* AIM OF THE TASK *
Print, in exact form, the lines below from the one containing "Lemma tree_encK : cancel tree_enc tree_dec." through the one containing "let: Node s := t in (size", and omit all others.

* DATASET EXTRACT *
(* Let $d\ge2$, $p\ge1$, $k\ge1$. For each integer $m\ge1$, the function $$J_m(T):=N_{\ge m(p-1)+1}(T)\prod_{i=1}^{m-1}N_{\le i(p-1)}(T),\qquad T\in\mathcal{C}_k^{(d)},$$ lies in $\mathrm{span}\{\mathbf{1}_{\mathcal{S}}:\mathcal{S}\text{ a length-}p\text{ shuffle class in }\mathcal{C}_k^{(d)}\}$.
   Context: A $d$-Catalan tree is a rooted planar tree in which each vertex has $0$ or $d$ children; $\mathcal{C}_k^{(d)}$ is the set of those with $k$ internal vertices. $N_j(T)$ is the number of vertices at distance $j$ from the root, $N_{\le q}(T)=\sum_{0\le j\le q}N_j(T)$, $N_{\ge q}(T)=\sum_{j\ge q}N_j(T)$. For a path $(v_0,\dots,v_p)$ ($v_i$ a child of $v_{i-1}$) in $T$, $\mathrm{Sh}(T;v_0,\dots,v_p)$ is the set of trees obtained from $T$ by rearranging the $(d-1)p$ subtrees subtended by the siblings of $v_1,\dots,v_p$ among those positions; such sets are the length-$p$ shuffle classes. *)

From HB Require Import structures.
From mathcomp Require Import all_boot all_order all_algebra.
From mathcomp Require Import boolp.
Set Implicit Arguments. Unset Strict Implicit. Unset Printing Implicit Defensive.
Import GRing.Theory.

(* Rooted planar trees: a vertex is the ordered list of its subtrees. *)
Inductive tree := Node of seq tree.
Definition leaf := Node [::].
Definition children (t : tree) := let: Node s := t in s.

Fixpoint tree_enc (t : tree) : GenTree.tree unit :=
  let: Node s := t in GenTree.Node 0 (map tree_enc s).
Fixpoint tree_dec (g : GenTree.tree unit) : tree :=
  match g with
  | GenTree.Leaf _ => leaf
  | GenTree.Node _ s => Node (map tree_dec s)
  end.
Lemma tree_encK : cancel tree_enc tree_dec.
Proof.
rewrite /cancel; fix IH 1; move=> [s] /=; congr Node.
elim: s => [|t s IHs] //=; by rewrite IH IHs.
Qed.
HB.instance Definition _ := Countable.copy tree (can_type tree_encK).

Fixpoint is_dcat (d : nat) (t : tree) : bool :=
  let: Node s := t in ((size s == 0) || (size s == d)) && all (is_dcat d) s.
Fixpoint ninternal (t : tree) : nat :=
  let: Node s := t in (size s != 0) + sumn (map ninternal s).
Definition catalan (d k : nat) (t : tree) : bool := is_dcat d t && (ninternal t == k).

Fixpoint level (t : tree) (j : nat) : nat :=
  match t, j with
  | Node _, 0 => 1
  | Node s, j'.+1 => sumn (map (fun u => level u j') s)
  end.
Fixpoint height (t : tree) : nat :=
  let: Node s := t in if s is [::] then 0 else (foldr maxn 0 (map height s)).+1.
Definition Nle (t : tree) (q : nat) : nat := \sum_(0 <= j < q.+1) level t j.
(* levels beyond height t are empty, so this is sum_{j >= q} N_j(T) *)
Definition Nge (t : tree) (q : nat) : nat := \sum_(q <= j < (height t).+1) level t j.

(* Vertices are addressed by words of child indices (0-based) from the root. *)
Fixpoint is_vertex (t : tree) (w : seq nat) : bool :=
  match w with
  | [::] => true
  | i :: w' => (i < size (children t)) && is_vertex (nth leaf (children t) i) w'
  end.
Fixpoint subtree (t : tree) (w : seq nat) : tree :=
  match w with
  | [::] => t
  | i :: w' => subtree (nth leaf (children t) i) w'
  end.
Fixpoint replace_at (t : tree) (w : seq nat) (u : tree) : tree :=
  match w with
  | [::] => u
  | i :: w' => Node (set_nth leaf (children t) i
                       (replace_at (nth leaf (children t) i) w' u))
  end.
Definition replace_all (t : tree) (pos : seq (seq nat)) (us : seq tree) : tree :=
  foldl (fun t' wu => replace_at t' wu.1 wu.2) t (zip pos us).

(* A path (v_0,...,v_p) is given by the address a of v_0 and the child
   indices cs (size p), v_i = a ++ take i cs.  The positions of the siblings
   of v_1, ..., v_p : *)
Definition sib_positions (t : tree) (a cs : seq nat) : seq (seq nat) :=
  flatten [seq [seq (a ++ take i cs) ++ [:: j]
               | j <- iota 0 (size (children (subtree t (a ++ take i cs))))
               & j != nth 0 cs i]
          | i <- iota 0 (size cs)].
Definition is_path (t : tree) (a cs : seq nat) : bool := is_vertex t (a ++ cs).

(* T' \in Sh(T; v_0,...,v_p): obtained from T by rearranging the subtrees
   subtended by the siblings of v_1..v_p among those positions. *)
Definition in_shuffle (t : tree) (a cs : seq nat) (t' : tree) : Prop :=
  exists us : seq tree,
    perm_eq us [seq subtree t w | w <- sib_positions t a cs] /\
    t' = replace_all t (sib_positions t a cs) us.

Definition shuffle_ind (t : tree) (a cs : seq nat) (t' : tree) : rat :=
  (`[< in_shuffle t a cs t' >])%:R.

Definition Jm (p m : nat) (t : tree) : nat :=
  Nge t (m * (p - 1) + 1) * \prod_(1 <= i < m) Nle t (i * (p - 1)).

* RESULT FOR THIS TASK *
Lemma tree_encK : cancel tree_enc tree_dec.
Proof.
rewrite /cancel; fix IH 1; move=> [s] /=; congr Node.
elim: s => [|t s IHs] //=; by rewrite IH IHs.
Qed.
HB.instance Definition _ := Countable.copy tree (can_type tree_encK).

Fixpoint is_dcat (d : nat) (t : tree) : bool :=
  let: Node s := t in ((size s == 0) || (size s == d)) && all (is_dcat d) s.
Fixpoint ninternal (t : tree) : nat :=
  let: Node s := t in (size s != 0) + sumn (map ninternal s).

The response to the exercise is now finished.